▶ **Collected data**
+===+
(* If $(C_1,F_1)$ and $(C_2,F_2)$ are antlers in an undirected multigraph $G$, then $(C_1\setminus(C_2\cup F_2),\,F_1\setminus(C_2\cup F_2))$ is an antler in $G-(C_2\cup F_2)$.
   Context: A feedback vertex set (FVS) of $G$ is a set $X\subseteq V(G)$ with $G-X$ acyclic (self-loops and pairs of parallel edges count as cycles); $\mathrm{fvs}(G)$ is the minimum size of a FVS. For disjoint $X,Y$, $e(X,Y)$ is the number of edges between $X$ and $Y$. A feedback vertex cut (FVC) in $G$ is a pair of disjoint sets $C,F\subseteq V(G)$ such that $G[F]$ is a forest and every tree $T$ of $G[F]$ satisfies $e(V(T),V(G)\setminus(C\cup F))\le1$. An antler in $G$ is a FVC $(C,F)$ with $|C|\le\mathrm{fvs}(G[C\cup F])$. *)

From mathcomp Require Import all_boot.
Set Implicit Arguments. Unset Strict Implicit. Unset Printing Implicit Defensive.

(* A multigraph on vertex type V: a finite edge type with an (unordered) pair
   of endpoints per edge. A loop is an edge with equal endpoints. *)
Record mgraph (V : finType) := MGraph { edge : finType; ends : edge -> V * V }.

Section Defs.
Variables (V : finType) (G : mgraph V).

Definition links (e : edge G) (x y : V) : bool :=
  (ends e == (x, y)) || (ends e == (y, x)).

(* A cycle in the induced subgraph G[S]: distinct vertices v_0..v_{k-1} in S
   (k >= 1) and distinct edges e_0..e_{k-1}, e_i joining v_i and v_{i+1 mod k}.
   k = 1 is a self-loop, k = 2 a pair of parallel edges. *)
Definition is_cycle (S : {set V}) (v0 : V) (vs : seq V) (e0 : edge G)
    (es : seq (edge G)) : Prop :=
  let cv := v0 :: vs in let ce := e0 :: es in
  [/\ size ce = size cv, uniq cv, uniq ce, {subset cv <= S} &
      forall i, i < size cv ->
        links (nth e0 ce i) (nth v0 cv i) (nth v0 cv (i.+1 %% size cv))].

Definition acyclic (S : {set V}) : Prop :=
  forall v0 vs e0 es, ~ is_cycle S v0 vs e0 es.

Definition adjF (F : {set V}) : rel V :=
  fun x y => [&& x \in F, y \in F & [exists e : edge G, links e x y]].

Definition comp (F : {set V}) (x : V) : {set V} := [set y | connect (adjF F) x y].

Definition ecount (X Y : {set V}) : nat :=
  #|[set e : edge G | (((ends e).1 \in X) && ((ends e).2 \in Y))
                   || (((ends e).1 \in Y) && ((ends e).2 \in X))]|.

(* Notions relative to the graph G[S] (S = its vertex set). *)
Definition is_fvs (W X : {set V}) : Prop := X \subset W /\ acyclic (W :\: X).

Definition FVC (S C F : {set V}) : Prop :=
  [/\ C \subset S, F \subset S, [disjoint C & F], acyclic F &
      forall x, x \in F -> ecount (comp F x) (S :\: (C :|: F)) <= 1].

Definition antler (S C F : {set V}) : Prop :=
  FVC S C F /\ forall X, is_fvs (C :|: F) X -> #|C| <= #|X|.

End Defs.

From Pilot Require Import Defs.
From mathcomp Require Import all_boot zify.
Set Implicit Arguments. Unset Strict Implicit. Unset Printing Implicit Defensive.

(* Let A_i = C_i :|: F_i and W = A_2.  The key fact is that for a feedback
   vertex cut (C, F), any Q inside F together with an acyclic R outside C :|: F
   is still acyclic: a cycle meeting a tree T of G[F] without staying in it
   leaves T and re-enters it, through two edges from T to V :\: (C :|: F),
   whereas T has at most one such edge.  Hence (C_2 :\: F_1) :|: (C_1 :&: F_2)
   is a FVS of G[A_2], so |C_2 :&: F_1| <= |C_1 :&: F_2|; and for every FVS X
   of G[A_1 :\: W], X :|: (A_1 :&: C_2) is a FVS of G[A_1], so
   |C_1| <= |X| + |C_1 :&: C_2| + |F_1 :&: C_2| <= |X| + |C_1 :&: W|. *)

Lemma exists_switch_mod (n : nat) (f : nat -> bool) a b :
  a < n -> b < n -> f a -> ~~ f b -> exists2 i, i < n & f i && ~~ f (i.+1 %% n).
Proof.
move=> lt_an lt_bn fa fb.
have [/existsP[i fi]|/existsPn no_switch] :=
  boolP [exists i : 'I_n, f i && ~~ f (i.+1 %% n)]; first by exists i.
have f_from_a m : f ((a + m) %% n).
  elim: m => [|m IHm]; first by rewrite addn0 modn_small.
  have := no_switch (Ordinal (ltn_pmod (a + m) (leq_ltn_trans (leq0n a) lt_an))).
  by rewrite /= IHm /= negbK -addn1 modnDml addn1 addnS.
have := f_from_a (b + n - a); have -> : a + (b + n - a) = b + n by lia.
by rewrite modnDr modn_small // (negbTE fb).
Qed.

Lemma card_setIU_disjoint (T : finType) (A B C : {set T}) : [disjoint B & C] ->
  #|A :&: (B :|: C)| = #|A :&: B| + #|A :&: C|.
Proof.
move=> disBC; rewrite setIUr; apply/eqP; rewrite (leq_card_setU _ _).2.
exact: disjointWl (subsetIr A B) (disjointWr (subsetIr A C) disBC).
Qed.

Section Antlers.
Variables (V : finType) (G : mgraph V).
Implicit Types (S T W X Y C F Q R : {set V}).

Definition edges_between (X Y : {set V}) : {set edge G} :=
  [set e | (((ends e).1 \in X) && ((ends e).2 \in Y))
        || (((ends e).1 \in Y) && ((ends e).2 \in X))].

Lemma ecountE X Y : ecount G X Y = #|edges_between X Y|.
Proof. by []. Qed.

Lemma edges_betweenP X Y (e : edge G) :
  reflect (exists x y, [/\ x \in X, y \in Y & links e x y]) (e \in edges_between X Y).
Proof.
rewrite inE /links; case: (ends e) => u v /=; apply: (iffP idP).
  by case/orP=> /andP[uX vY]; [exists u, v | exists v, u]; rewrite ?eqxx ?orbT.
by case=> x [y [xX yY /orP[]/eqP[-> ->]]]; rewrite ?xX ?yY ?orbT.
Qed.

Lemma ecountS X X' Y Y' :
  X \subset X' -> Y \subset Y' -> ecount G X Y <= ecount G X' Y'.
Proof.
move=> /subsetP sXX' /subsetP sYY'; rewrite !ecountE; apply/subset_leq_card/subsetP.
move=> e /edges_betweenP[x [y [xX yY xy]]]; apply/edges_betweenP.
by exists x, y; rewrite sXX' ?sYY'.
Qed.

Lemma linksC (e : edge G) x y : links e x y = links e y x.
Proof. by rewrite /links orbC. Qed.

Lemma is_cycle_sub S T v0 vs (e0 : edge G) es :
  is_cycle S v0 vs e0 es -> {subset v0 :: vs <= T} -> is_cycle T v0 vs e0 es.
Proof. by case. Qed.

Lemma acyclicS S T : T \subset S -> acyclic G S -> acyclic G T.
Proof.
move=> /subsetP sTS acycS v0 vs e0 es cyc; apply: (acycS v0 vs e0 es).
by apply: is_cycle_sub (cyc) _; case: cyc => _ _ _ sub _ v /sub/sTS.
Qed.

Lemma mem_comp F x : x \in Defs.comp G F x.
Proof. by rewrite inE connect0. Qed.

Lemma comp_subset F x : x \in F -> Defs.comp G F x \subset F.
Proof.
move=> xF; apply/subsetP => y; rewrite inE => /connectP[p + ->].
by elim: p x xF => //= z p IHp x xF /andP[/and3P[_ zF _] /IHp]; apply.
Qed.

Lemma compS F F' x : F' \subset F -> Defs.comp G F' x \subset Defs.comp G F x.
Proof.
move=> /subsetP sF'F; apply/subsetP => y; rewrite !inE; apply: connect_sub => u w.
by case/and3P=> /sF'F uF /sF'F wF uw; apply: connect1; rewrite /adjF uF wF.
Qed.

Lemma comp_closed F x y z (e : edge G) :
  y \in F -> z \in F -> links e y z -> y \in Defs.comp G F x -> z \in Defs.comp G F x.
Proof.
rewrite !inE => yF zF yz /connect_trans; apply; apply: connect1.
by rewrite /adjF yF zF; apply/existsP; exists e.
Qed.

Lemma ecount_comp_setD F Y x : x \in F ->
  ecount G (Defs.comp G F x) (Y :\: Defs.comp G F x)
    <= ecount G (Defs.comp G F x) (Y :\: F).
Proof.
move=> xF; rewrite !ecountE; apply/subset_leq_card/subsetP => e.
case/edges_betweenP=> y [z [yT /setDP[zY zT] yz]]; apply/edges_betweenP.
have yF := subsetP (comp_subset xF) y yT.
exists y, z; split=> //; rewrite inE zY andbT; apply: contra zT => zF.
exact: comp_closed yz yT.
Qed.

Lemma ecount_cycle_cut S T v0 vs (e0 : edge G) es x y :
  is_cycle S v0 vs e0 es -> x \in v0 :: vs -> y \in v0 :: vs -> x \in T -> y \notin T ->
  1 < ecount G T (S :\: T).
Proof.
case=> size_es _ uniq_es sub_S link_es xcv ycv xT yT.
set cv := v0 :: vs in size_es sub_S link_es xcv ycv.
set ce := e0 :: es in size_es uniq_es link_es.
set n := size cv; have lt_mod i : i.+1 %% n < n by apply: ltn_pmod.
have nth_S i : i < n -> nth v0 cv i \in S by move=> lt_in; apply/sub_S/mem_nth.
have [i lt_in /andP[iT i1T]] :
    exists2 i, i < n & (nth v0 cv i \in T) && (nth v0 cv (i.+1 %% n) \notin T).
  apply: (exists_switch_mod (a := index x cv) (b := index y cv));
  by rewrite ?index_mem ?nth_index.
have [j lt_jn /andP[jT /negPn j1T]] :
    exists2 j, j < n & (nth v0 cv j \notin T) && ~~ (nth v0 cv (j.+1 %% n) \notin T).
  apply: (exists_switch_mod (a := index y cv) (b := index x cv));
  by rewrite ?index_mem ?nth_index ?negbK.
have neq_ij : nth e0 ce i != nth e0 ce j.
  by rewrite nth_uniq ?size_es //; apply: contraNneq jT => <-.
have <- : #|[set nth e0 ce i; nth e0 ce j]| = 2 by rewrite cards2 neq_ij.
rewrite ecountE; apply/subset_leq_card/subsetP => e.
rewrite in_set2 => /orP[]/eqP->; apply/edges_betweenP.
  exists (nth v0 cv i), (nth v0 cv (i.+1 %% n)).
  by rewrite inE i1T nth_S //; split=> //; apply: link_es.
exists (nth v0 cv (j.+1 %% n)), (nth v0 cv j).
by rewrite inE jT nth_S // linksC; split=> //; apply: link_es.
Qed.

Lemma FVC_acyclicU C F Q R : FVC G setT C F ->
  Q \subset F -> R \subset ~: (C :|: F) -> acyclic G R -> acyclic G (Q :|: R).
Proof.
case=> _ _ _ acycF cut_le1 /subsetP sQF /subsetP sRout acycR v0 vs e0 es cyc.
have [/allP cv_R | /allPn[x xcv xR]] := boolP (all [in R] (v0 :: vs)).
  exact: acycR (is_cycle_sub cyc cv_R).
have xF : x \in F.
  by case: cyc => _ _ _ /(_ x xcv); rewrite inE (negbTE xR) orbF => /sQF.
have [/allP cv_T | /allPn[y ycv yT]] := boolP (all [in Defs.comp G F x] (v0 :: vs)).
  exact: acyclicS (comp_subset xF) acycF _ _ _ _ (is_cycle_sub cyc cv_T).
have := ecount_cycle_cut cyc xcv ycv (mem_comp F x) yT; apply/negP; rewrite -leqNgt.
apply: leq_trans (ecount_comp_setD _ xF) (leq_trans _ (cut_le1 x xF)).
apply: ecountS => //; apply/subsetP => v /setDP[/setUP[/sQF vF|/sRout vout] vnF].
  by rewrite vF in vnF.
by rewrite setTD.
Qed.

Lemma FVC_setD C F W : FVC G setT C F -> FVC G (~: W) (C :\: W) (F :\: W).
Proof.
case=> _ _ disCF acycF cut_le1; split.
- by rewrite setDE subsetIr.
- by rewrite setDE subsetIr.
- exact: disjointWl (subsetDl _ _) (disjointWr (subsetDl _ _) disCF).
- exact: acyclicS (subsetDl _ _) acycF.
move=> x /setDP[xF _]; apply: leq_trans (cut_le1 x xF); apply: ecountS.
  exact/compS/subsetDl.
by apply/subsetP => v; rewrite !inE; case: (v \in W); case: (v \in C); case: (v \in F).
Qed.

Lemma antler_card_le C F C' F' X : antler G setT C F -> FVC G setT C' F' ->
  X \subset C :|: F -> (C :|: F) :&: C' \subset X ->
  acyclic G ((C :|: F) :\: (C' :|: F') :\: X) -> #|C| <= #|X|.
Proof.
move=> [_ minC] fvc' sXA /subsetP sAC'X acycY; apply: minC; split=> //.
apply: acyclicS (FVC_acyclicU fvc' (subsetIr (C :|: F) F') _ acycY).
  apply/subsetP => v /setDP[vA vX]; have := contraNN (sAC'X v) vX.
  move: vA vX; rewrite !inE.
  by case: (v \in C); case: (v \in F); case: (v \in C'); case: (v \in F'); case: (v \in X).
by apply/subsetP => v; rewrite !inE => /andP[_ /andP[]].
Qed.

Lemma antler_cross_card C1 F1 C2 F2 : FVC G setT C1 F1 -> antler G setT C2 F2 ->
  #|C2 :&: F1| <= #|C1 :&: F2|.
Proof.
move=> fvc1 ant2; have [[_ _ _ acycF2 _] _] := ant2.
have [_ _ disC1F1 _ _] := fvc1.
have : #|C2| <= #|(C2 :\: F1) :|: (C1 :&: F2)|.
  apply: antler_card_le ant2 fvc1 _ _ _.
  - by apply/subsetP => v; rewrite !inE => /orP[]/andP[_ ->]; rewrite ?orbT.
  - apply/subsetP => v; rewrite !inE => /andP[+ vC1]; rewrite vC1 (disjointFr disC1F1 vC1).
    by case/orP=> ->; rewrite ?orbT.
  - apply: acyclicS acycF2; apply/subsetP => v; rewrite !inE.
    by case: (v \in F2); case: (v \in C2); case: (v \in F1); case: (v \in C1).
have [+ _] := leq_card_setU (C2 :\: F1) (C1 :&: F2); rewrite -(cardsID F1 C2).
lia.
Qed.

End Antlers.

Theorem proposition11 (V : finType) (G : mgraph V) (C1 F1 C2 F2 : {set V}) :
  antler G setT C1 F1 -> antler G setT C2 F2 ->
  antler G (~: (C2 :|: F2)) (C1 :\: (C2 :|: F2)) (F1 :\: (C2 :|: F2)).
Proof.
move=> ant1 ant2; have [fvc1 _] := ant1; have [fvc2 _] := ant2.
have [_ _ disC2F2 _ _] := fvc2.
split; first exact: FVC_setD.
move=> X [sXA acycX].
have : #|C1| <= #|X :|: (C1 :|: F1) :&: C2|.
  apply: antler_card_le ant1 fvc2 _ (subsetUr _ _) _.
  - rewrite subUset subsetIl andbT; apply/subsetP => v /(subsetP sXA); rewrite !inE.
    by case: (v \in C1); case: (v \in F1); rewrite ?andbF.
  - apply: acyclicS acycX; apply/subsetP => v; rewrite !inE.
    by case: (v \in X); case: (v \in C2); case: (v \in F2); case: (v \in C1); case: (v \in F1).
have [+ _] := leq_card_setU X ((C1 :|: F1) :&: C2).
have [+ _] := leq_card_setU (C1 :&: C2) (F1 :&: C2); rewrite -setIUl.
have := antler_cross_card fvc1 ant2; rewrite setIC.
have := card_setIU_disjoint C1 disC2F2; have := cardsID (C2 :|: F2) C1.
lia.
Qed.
+===+
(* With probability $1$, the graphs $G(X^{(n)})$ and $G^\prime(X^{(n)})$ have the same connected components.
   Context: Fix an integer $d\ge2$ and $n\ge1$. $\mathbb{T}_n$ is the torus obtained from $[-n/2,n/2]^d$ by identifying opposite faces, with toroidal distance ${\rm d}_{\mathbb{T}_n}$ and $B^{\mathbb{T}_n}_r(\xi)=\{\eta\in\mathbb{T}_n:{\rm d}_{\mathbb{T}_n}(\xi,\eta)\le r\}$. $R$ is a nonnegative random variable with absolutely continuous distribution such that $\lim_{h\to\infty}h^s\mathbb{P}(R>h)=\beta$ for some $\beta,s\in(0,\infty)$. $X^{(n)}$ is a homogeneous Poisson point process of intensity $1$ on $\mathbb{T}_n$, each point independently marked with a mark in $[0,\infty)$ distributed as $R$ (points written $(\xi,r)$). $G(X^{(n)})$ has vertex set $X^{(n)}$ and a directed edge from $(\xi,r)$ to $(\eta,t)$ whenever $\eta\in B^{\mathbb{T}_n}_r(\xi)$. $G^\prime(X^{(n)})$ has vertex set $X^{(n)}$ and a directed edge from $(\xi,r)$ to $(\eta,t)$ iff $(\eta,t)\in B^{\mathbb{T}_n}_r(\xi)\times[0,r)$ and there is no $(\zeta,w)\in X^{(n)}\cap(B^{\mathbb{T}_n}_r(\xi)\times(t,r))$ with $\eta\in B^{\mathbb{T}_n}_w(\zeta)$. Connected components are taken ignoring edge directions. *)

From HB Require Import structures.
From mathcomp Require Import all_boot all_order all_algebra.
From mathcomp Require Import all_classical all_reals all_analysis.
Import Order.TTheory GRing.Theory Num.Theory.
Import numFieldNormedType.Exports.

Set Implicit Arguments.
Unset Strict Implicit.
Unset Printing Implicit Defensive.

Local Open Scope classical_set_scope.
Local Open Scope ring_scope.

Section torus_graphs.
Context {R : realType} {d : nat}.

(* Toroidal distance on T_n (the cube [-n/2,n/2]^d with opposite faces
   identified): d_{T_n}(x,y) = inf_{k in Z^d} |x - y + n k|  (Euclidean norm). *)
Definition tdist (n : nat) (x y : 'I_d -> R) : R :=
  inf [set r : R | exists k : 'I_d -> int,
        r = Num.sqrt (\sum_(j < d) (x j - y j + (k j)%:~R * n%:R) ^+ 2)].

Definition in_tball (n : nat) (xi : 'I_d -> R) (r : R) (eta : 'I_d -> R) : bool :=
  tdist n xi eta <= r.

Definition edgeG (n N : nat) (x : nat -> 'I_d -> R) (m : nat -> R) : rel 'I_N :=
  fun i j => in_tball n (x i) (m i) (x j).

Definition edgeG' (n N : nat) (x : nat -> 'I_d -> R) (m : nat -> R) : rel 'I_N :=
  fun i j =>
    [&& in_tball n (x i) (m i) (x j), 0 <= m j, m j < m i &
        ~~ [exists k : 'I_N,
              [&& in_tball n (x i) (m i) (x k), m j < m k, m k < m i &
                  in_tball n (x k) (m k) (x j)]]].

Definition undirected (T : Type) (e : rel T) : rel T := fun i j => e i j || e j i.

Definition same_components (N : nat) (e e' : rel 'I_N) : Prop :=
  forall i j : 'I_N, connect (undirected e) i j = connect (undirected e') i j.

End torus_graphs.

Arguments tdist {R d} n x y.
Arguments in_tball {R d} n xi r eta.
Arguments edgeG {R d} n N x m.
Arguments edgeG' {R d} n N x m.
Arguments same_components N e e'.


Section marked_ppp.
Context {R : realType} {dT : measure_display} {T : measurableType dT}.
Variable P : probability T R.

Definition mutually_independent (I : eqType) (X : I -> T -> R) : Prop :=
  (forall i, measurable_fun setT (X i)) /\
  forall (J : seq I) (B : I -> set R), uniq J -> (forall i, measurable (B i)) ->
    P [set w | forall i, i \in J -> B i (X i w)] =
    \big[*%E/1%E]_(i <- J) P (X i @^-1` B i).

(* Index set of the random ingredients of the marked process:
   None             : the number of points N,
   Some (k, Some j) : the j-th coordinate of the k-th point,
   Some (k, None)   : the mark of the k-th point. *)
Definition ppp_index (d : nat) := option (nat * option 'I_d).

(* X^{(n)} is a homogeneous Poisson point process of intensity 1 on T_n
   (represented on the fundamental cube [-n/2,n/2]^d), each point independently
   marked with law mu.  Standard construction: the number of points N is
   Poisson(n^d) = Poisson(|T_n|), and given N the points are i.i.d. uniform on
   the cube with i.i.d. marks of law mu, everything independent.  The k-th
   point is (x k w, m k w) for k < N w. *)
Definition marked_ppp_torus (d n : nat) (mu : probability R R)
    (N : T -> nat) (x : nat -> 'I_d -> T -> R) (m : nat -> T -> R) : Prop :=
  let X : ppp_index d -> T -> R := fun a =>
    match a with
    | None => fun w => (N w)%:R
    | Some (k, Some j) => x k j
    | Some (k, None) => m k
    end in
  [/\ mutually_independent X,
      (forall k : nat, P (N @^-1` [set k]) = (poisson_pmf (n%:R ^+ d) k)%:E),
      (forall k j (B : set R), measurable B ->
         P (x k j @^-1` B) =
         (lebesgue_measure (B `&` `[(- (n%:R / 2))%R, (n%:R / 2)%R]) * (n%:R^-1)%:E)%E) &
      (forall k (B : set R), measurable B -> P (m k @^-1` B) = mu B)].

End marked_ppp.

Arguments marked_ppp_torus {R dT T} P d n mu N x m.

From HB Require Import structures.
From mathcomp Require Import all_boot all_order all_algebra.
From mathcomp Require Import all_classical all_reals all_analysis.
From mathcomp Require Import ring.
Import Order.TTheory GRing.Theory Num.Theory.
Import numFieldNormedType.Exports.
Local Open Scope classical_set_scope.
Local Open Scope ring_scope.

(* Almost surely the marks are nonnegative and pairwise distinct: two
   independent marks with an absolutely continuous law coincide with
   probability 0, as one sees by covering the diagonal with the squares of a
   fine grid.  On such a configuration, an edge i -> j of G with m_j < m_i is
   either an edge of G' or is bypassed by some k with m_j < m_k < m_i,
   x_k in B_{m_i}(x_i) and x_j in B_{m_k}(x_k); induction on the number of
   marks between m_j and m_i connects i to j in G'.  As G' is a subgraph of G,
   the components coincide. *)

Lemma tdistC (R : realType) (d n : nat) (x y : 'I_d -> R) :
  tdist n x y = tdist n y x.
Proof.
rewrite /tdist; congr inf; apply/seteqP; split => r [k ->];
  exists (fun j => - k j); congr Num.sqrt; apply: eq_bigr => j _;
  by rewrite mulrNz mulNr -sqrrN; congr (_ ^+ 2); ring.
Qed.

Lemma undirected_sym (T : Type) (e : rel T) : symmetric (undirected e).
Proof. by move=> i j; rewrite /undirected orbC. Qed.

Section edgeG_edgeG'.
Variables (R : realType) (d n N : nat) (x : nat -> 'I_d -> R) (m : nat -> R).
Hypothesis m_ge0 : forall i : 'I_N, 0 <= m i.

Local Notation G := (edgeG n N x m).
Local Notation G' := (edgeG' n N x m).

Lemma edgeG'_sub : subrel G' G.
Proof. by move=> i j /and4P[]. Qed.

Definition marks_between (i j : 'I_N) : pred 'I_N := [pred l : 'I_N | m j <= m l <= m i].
+===+
▶ **Assigned task**
Beginning at the line with "(forall i, measurable_fun setT (X i)) /\" and ending at the line with "(represented on the", reproduce each line of the data above exactly, and add no other lines.

▶ **Exercise result**
  (forall i, measurable_fun setT (X i)) /\
  forall (J : seq I) (B : I -> set R), uniq J -> (forall i, measurable (B i)) ->
    P [set w | forall i, i \in J -> B i (X i w)] =
    \big[*%E/1%E]_(i <- J) P (X i @^-1` B i).

(* Index set of the random ingredients of the marked process:
   None             : the number of points N,
   Some (k, Some j) : the j-th coordinate of the k-th point,
   Some (k, None)   : the mark of the k-th point. *)
Definition ppp_index (d : nat) := option (nat * option 'I_d).

(* X^{(n)} is a homogeneous Poisson point process of intensity 1 on T_n
   (represented on the fundamental cube [-n/2,n/2]^d), each point independently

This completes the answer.